Workflow:Apache Paimon Blob Storage With Descriptors
| Knowledge Sources | |
|---|---|
| Domains | Data_Lake, Unstructured_Data, Data_Engineering |
| Last Updated | 2026-02-07 23:00 GMT |
Overview
End-to-end process for storing large binary objects (videos, images, models) in Paimon tables using blob-as-descriptor mode, where file references (path, offset, length) replace inline binary data for efficient metadata management.
Description
This workflow enables Paimon tables to reference large binary objects stored on external storage (OSS, S3, HDFS) without embedding the raw binary data in the table's data files. Instead of storing full binary payloads, the table stores serialized BlobDescriptor objects containing the storage path, byte offset, and length of each blob. This approach keeps table metadata compact, avoids data duplication, and enables lazy loading of binary content. The workflow supports row tracking and data evolution for progressive updates to blob-associated metadata.
Usage
Execute this workflow when you need to manage a catalog of large binary assets (videos, images, ML model weights, audio files) alongside structured metadata. This is the recommended approach when binary objects are already stored on cloud object storage and you want to track them in a Paimon table without copying the data.
Execution Steps
Step 1: Blob Table Schema Definition
Define a table schema that includes a large_binary column designated as the blob field. Enable blob-as-descriptor mode via table options, which instructs the writer to treat the blob column as containing serialized descriptors rather than raw binary data. Enable row tracking and data evolution for change management.
Key considerations:
- The blob column type must be large_binary
- Set blob-field option to the name of the binary column
- Set blob-as-descriptor to true to enable descriptor mode
- Enable row-tracking and data-evolution for update support
- Other columns store structured metadata alongside blob references
Step 2: Blob Descriptor Construction
For each binary object, obtain its storage location (path), byte offset within the file, and total length in bytes. Construct a BlobDescriptor object from these values and serialize it to bytes. The serialized descriptor replaces the raw binary data in the table write.
Key considerations:
- Use FileIO to query file sizes for offset and length calculation
- BlobDescriptors are lightweight metadata (path, offset, length)

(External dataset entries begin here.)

(* Let $\mathbb{K}=(G,M,I)$ be a finite formal context with concept lattice $\underline{\mathfrak{B}}(\mathbb{K})$ and let $\underline{S}$ be an interval of $\underline{\mathfrak{B}}(\mathbb{K})$ with $|\underline{S}|=1$, say $\underline{S}=\{s\}=[s,s]$. Then $\underline{S}$ is dismantling for $\underline{\mathfrak{B}}(\mathbb{K})$ if and only if $s$ is doubly irreducible in $\underline{\mathfrak{B}}(\mathbb{K})$.
   Context: For $u\le v$ in a lattice $L$, $[u,v]=\{x\mid u\le x\le v\}$, $(v]=\{x\mid x\le v\}$, $[u)=\{x\mid u\le x\}$. An interval $[u,v]$ of $L$ is quasi-dismantling for $L$ if $u$ is supremum-prime in $(v]$ (for all $x,y\in(v]$, $u\le x\vee y$ implies $u\le x$ or $u\le y$) and $v$ is infimum-prime in $[u)$ (for all $x,y\in[u)$, $x\wedge y\le v$ implies $x\le v$ or $y\le v$); it is dismantling for $L$ if moreover $u\neq\bot$ and $v\neq\top$. An element $c$ of a finite lattice is supremum-irreducible if it has exactly one lower neighbor, infimum-irreducible if it has exactly one upper neighbor, and doubly irreducible if both hold. The concept lattice $\underline{\mathfrak{B}}(\mathbb{K})$ is the set of formal concepts $(A,B)$ ($A\subseteq G$, $B\subseteq M$, $A'=B$, $B'=A$ with the usual derivation operators) ordered by inclusion of extents. *)

From mathcomp Require Import all_boot.
Set Implicit Arguments. Unset Strict Implicit. Unset Printing Implicit Defensive.

Section FCA.
Variables (G M : finType) (I : G -> M -> bool).

Definition ext_der (A : {set G}) : {set M} := [set m | [forall g in A, I g m]].
Definition int_der (B : {set M}) : {set G} := [set g | [forall m in B, I g m]].

Definition is_concept (p : {set G} * {set M}) : bool :=
  (ext_der p.1 == p.2) && (int_der p.2 == p.1).

Definition concept := {p : {set G} * {set M} | is_concept p}.

Definition extent (c : concept) : {set G} := (val c).1.
Definition intent (c : concept) : {set M} := (val c).2.

Definition cle (x y : concept) : bool := extent x \subset extent y.
Definition clt (x y : concept) : bool := (x != y) && cle x y.

Lemma galois (A : {set G}) (B : {set M}) :
  (A \subset int_der B) = (B \subset ext_der A).
Proof.
apply/subsetP/subsetP => H x Hx; rewrite inE; apply/forallP => y; apply/implyP => Hy.
- by have := H y Hy; rewrite inE => /forallP/(_ x)/implyP; apply.
- by have := H y Hy; rewrite inE => /forallP/(_ x)/implyP; apply.
Qed.

Lemma ext_int_ext (A : {set G}) : ext_der (int_der (ext_der A)) = ext_der A.
Proof.
apply/eqP; rewrite eqEsubset; apply/andP; split; last by rewrite -galois.
have HA : A \subset int_der (ext_der A) by rewrite galois.
apply/subsetP => m; rewrite !inE => /forallP H; apply/forallP => g; apply/implyP => Hg.
by have := H g; rewrite (subsetP HA g Hg).
Qed.

Lemma int_ext_int (B : {set M}) : int_der (ext_der (int_der B)) = int_der B.
Proof.
apply/eqP; rewrite eqEsubset; apply/andP; split; last by rewrite galois.
have HB : B \subset ext_der (int_der B) by rewrite -galois.
apply/subsetP => g; rewrite !inE => /forallP H; apply/forallP => m; apply/implyP => Hm.
by have := H m; rewrite (subsetP HB m Hm).
Qed.

Lemma concept_of_intentP (B : {set M}) : is_concept (int_der B, ext_der (int_der B)).
Proof. by rewrite /is_concept /= int_ext_int !eqxx. Qed.

Lemma concept_of_extentP (A : {set G}) : is_concept (int_der (ext_der A), ext_der A).
Proof. by rewrite /is_concept /= ext_int_ext !eqxx. Qed.

Definition concept_of_intent (B : {set M}) : concept :=
  exist (fun p => is_concept p) _ (concept_of_intentP B).
Definition concept_of_extent (A : {set G}) : concept :=
  exist (fun p => is_concept p) _ (concept_of_extentP A).

Definition cjoin (x y : concept) : concept := concept_of_intent (intent x :&: intent y).
Definition cmeet (x y : concept) : concept := concept_of_extent (extent x :&: extent y).
Definition cbot : concept := concept_of_intent setT.
Definition ctop : concept := concept_of_extent setT.

Definition sup_prime_below (u v : concept) : Prop :=
  forall x y : concept, cle x v -> cle y v ->
    cle u (cjoin x y) -> cle u x \/ cle u y.

Definition inf_prime_above (u v : concept) : Prop :=
  forall x y : concept, cle u x -> cle u y ->
    cle (cmeet x y) v -> cle x v \/ cle y v.

Definition quasi_dismantling (u v : concept) : Prop :=
  cle u v /\ sup_prime_below u v /\ inf_prime_above u v.

Definition dismantling (u v : concept) : Prop :=
  quasi_dismantling u v /\ u <> cbot /\ v <> ctop.

Definition lower_neighbor (y x : concept) : bool :=
  clt y x && [forall z : concept, ~~ (clt y z && clt z x)].

Definition sup_irreducible (c : concept) : Prop :=
  #|[set y | lower_neighbor y c]| = 1.
Definition inf_irreducible (c : concept) : Prop :=
  #|[set y | lower_neighbor c y]| = 1.
Definition doubly_irreducible (c : concept) : Prop :=
  sup_irreducible c /\ inf_irreducible c.

End FCA.

(* In a finite lattice, an element s is join-prime in (s] and different from
   the bottom exactly when it has a unique lower cover c: every x < s then
   lies below c, so no join of two elements strictly below s reaches s;
   conversely, two distinct lower covers of s join to s, against primality.
   Dually for meets and upper covers, and the concept lattice of a finite
   context is a finite lattice. *)
From HB Require Import structures.
From mathcomp Require Import all_boot all_order.
Set Implicit Arguments. Unset Strict Implicit. Unset Printing Implicit Defensive.
Import Order.Theory.
Local Open Scope order_scope.

Section LowerCovers.
Context {disp : Order.disp_t} {T : finTBLatticeType disp}.
Implicit Types s x y z : T.

Definition lower_cover y x : bool := (y < x) && [forall z, ~~ ((y < z) && (z < x))].

Definition join_prime_below s : Prop :=
  forall x y, x <= s -> y <= s -> s <= x `|` y -> s <= x \/ s <= y.

Definition meet_prime_above s : Prop :=
  forall x y, s <= x -> s <= y -> x `&` y <= s -> x <= s \/ y <= s.

Lemma lower_cover_above x s : x < s -> exists2 c, lower_cover c s & x <= c.
Proof.
move=> lt_xs; have cand_x : (x <= x) && (x < s) by rewrite lexx lt_xs.
(* a candidate with the largest down-set cannot lie strictly below another *)
have [c /andP[le_xc lt_cs] maxc] :=
  @arg_maxnP T x (fun c => (x <= c) && (c < s)) (fun c => #|[set w | w <= c]|) cand_x.
exists c => //; rewrite /lower_cover lt_cs; apply/forallP => z.
apply/negP => /andP[lt_cz lt_zs].
have := maxc z; rewrite (le_trans le_xc (ltW lt_cz)) lt_zs => /(_ isT).
apply/negP; rewrite -ltnNge; apply: proper_card; apply/properP; split.
  by apply/subsetP => w; rewrite !inE => /le_trans; apply; apply: ltW.
by exists z; rewrite !inE ?lexx // lt_geF.
Qed.

Lemma join_distinct_lower_covers c d s :
  lower_cover c s -> lower_cover d s -> c != d -> c `|` d = s.
Proof.
move=> cov_c cov_d neq_cd; apply/eqP; move: neq_cd; apply: contraNT => neq_js.
have lt_js : c `|` d < s.
  case/andP: cov_c => lt_cs _; case/andP: cov_d => lt_ds _.
  by rewrite lt_neqAle neq_js leUx !ltW.
have absorb e : lower_cover e s -> e <= c `|` d -> e = c `|` d.
  move=> /andP[_ /forallP/(_ (c `|` d))] + le_ej.
  by rewrite lt_js andbT lt_def le_ej andbT negbK => /eqP.
by apply/eqP; rewrite (absorb c cov_c (leUl _ _)) -(absorb d cov_d (leUr _ _)).
Qed.

Lemma card_lower_covers_eq1 s :
  #|[set y | lower_cover y s]| = 1 <-> s != \bot /\ join_prime_below s.
Proof.
split.
- move/eqP/cards1P => [c covers_c].
  have cov_c : lower_cover c s by have := set11 c; rewrite -covers_c inE.
  have lt_cs : c < s by case/andP: cov_c.
  have below_c x : x <= s -> ~~ (s <= x) -> x <= c.
    move=> le_xs nle_sx; have lt_xs : x < s.
      by rewrite lt_neqAle le_xs andbT; apply: contraNneq nle_sx => ->.
    have [c' cov_c' le_xc'] := lower_cover_above lt_xs.
    by have /set1P <- : c' \in [set c] by rewrite -covers_c inE.
  split; first by apply: contraTneq lt_cs => ->; rewrite ltx0.
  move=> x y le_xs le_ys le_s_xy.
  have [le_sx|nle_sx] := boolP (s <= x); first by left.
  have [le_sy|nle_sy] := boolP (s <= y); first by right.
  have le_xy_c : x `|` y <= c by rewrite leUx !below_c.
  by have := le_lt_trans (le_trans le_s_xy le_xy_c) lt_cs; rewrite ltxx.
- move=> [s_neq0 join_prime_s].
  have [|c cov_c _] := @lower_cover_above \bot s; first by rewrite lt0x.
  apply/eqP/cards1P; exists c; apply/setP => d; rewrite !inE.
  apply/idP/eqP => [cov_d|->//]; apply/eqP/negPn/negP => neq_dc.
  have [/andP[lt_ds _] /andP[lt_cs _]] := (cov_d, cov_c).
  have join_dc := join_distinct_lower_covers cov_d cov_c neq_dc.
  have : s <= d \/ s <= c.
    by apply: join_prime_s; rewrite ?join_dc ?(ltW lt_ds) ?(ltW lt_cs).
  by case; rewrite lt_geF.
Qed.

End LowerCovers.

Lemma card_upper_covers_eq1 disp (T : finTBLatticeType disp) (s : T) :
  #|[set y | lower_cover s y]| = 1 <-> s != \top /\ meet_prime_above s.
Proof.
have <- : #|[set y | @lower_cover _ T^d y s]| = #|[set y | lower_cover s y]|.
  apply: eq_card => y; rewrite !inE.
  apply/andP/andP => -[lt_ys /forallP cover]; split=> //;
    by apply/forallP => z; rewrite andbC; apply: cover.
exact: (@card_lower_covers_eq1 _ T^d s).
Qed.

Fact concept_display : Order.disp_t. Proof. exact: Order.Disp tt tt. Qed.

Section ConceptLattice.
Variables (G M : finType) (I : G -> M -> bool).
Implicit Types (A : {set G}) (B : {set M}) (x y z : concept I).

Lemma intentE x : intent x = ext_der I (extent x).
Proof.
case: x => [[A B] concept_AB]; case/andP: (concept_AB) => /eqP ext_A _.
by rewrite /intent /extent /= ext_A.
Qed.

Lemma extentE x : extent x = int_der I (intent x).
Proof.
case: x => [[A B] concept_AB]; case/andP: (concept_AB) => _ /eqP int_B.
by rewrite /intent /extent /= int_B.
Qed.

Lemma ext_der_antimono A A' : A \subset A' -> ext_der I A' \subset ext_der I A.
Proof. by move=> sub_AA'; rewrite -galois (subset_trans sub_AA') // galois. Qed.

Lemma int_der_antimono B B' : B \subset B' -> int_der I B' \subset int_der I B.
Proof. by move=> sub_BB'; rewrite galois (subset_trans sub_BB') // -galois. Qed.

Lemma cle_intent x y : cle x y = (intent y \subset intent x).
Proof.
apply/idP/idP => [le_xy|sub_yx]; first by rewrite !intentE ext_der_antimono.
by rewrite /cle [extent y]extentE galois -intentE.
Qed.

Lemma extent_closed A x : A \subset extent x -> int_der I (ext_der I A) \subset extent x.
Proof. by move=> sub_A; rewrite extentE intentE int_der_antimono ?ext_der_antimono. Qed.

Lemma intent_closed B x : B \subset intent x -> ext_der I (int_der I B) \subset intent x.
Proof. by move=> sub_B; rewrite intentE extentE ext_der_antimono ?int_der_antimono. Qed.

Lemma extent_cmeet x y : extent (cmeet x y) = extent x :&: extent y.
Proof.
apply/eqP; rewrite eqEsubset galois subxx andbT subsetI.
by rewrite !extent_closed ?subsetIl ?subsetIr.
Qed.

Lemma intent_cjoin x y : intent (cjoin x y) = intent x :&: intent y.
Proof.
apply/eqP; rewrite eqEsubset -galois subxx andbT subsetI.
by rewrite !intent_closed ?subsetIl ?subsetIr.
Qed.

Lemma cle_antisym : antisymmetric (@cle _ _ I).
Proof.
move=> x y le_xy_yx.
have ext_xy : extent x = extent y by apply/eqP; rewrite eqEsubset.
apply: val_inj; rewrite [val x]surjective_pairing [val y]surjective_pairing.
by change ((extent x, intent x) = (extent y, intent y)); rewrite !intentE ext_xy.
Qed.

Lemma clt_def x y : clt x y = (y != x) && cle x y.
Proof. by rewrite /clt eq_sym. Qed.

(* HB keys instances on the head constant [concept], so the finType structure
   of the underlying sigma type must be copied explicitly. *)
HB.instance Definition _ :=
  Finite.copy (concept I) {p : {set G} * {set M} | is_concept I p}.

(* With these instances [<=], [<], [`|`], [`&`], [\bot], [\top] unfold to
   [cle], [clt], [cjoin], [cmeet], [cbot], [ctop]; in particular
   [lower_neighbor] is [lower_cover] up to conversion. *)
HB.instance Definition _ := Order.isPOrder.Build concept_display (concept I)
  clt_def (fun x => subxx (extent x)) cle_antisym (fun y x z => @subset_trans _ _ _ _).

Lemma cjoin_leU x y z : (cjoin x y <= z) = (x <= z) && (y <= z).
Proof. by rewrite /Order.le /= !cle_intent intent_cjoin subsetI. Qed.

Lemma cmeet_leI x y z : (x <= cmeet y z) = (x <= y) && (x <= z).
Proof. by rewrite /Order.le /= /cle extent_cmeet subsetI. Qed.

Lemma cbot_le x : cbot I <= x.
Proof. by rewrite /Order.le /= /cle [extent x]extentE int_der_antimono ?subsetT. Qed.

Lemma le_ctop x : x <= ctop I.
Proof. by rewrite /Order.le /= /cle galois ext_der_antimono ?subsetT. Qed.

HB.instance Definition _ :=
  Order.POrder_isJoinSemilattice.Build concept_display (concept I) cjoin_leU.
HB.instance Definition _ :=
  Order.POrder_isMeetSemilattice.Build concept_display (concept I) cmeet_leI.
HB.instance Definition _ := Order.hasBottom.Build concept_display (concept I) cbot_le.
HB.instance Definition _ := Order.hasTop.Build concept_display (concept I) le_ctop.

End ConceptLattice.

Lemma sup_irreducibleP (G M : finType) (I : G -> M -> bool) (s : concept I) :
  sup_irreducible s <-> s <> cbot I /\ sup_prime_below s s.
Proof.
have [to_prime of_prime] := card_lower_covers_eq1 s.
split=> [/to_prime[/eqP s_neq0 join_prime_s] // | [/eqP s_neq0 join_prime_s]].
exact: of_prime.
Qed.

Lemma inf_irreducibleP (G M : finType) (I : G -> M -> bool) (s : concept I) :
  inf_irreducible s <-> s <> ctop I /\ inf_prime_above s s.
Proof.
have [to_prime of_prime] := card_upper_covers_eq1 s.
split=> [/to_prime[/eqP s_neq1 meet_prime_s] // | [/eqP s_neq1 meet_prime_s]].
exact: of_prime.
Qed.

Theorem proposition2 (G M : finType) (I : G -> M -> bool) (s : concept I) :
  dismantling s s <-> doubly_irreducible s.
Proof.
split=> [[[_ [join_prime_s meet_prime_s]] [s_neq0 s_neq1]]|].
  by split; [apply/sup_irreducibleP | apply/inf_irreducibleP].
move=> [/sup_irreducibleP[s_neq0 join_prime_s] /inf_irreducibleP[s_neq1 meet_prime_s]].
by split; [split; [exact: subxx | split] | split].
Qed.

- Serialization produces a compact byte representation
- Multiple blobs can reference different regions of the same file
Step 3: Metadata and Descriptor Writing
Combine the structured metadata columns (text, names, tags) with the serialized blob descriptor column into a Pandas DataFrame or Arrow Table. Write the combined data to the Paimon table using the standard batch write builder and commit the transaction.
Key considerations:
- The blob column contains serialized BlobDescriptor bytes, not raw binary data
- Standard write and commit operations apply
- Table size remains proportional to metadata volume, not blob volume
- Multiple rows can be written in a single batch
Step 4: Reading and Descriptor Deserialization
Read the table using the standard scan-and-read pipeline. The blob column in the result contains serialized BlobDescriptor bytes. Deserialize each descriptor to recover the storage path, offset, and length of the referenced binary object.
Key considerations:
- The read path returns serialized descriptors, not raw binary data
- Deserialization reconstructs the BlobDescriptor object
- Reads are fast because blob data is not transferred
- Predicate pushdown on metadata columns works normally
Step 5: Lazy Blob Data Loading
For each deserialized BlobDescriptor, create a Blob object that provides lazy access to the underlying binary data. Use the FileUriReader with the table's FileIO configuration to read the binary content on demand. This enables selective loading of only the blobs needed for a given operation.
Key considerations:
- Blob data is loaded only when explicitly requested
- FileUriReader handles authentication and storage protocol details
- Data is read from the original storage location (no copies)
- Large blobs can be read in chunks for memory efficiency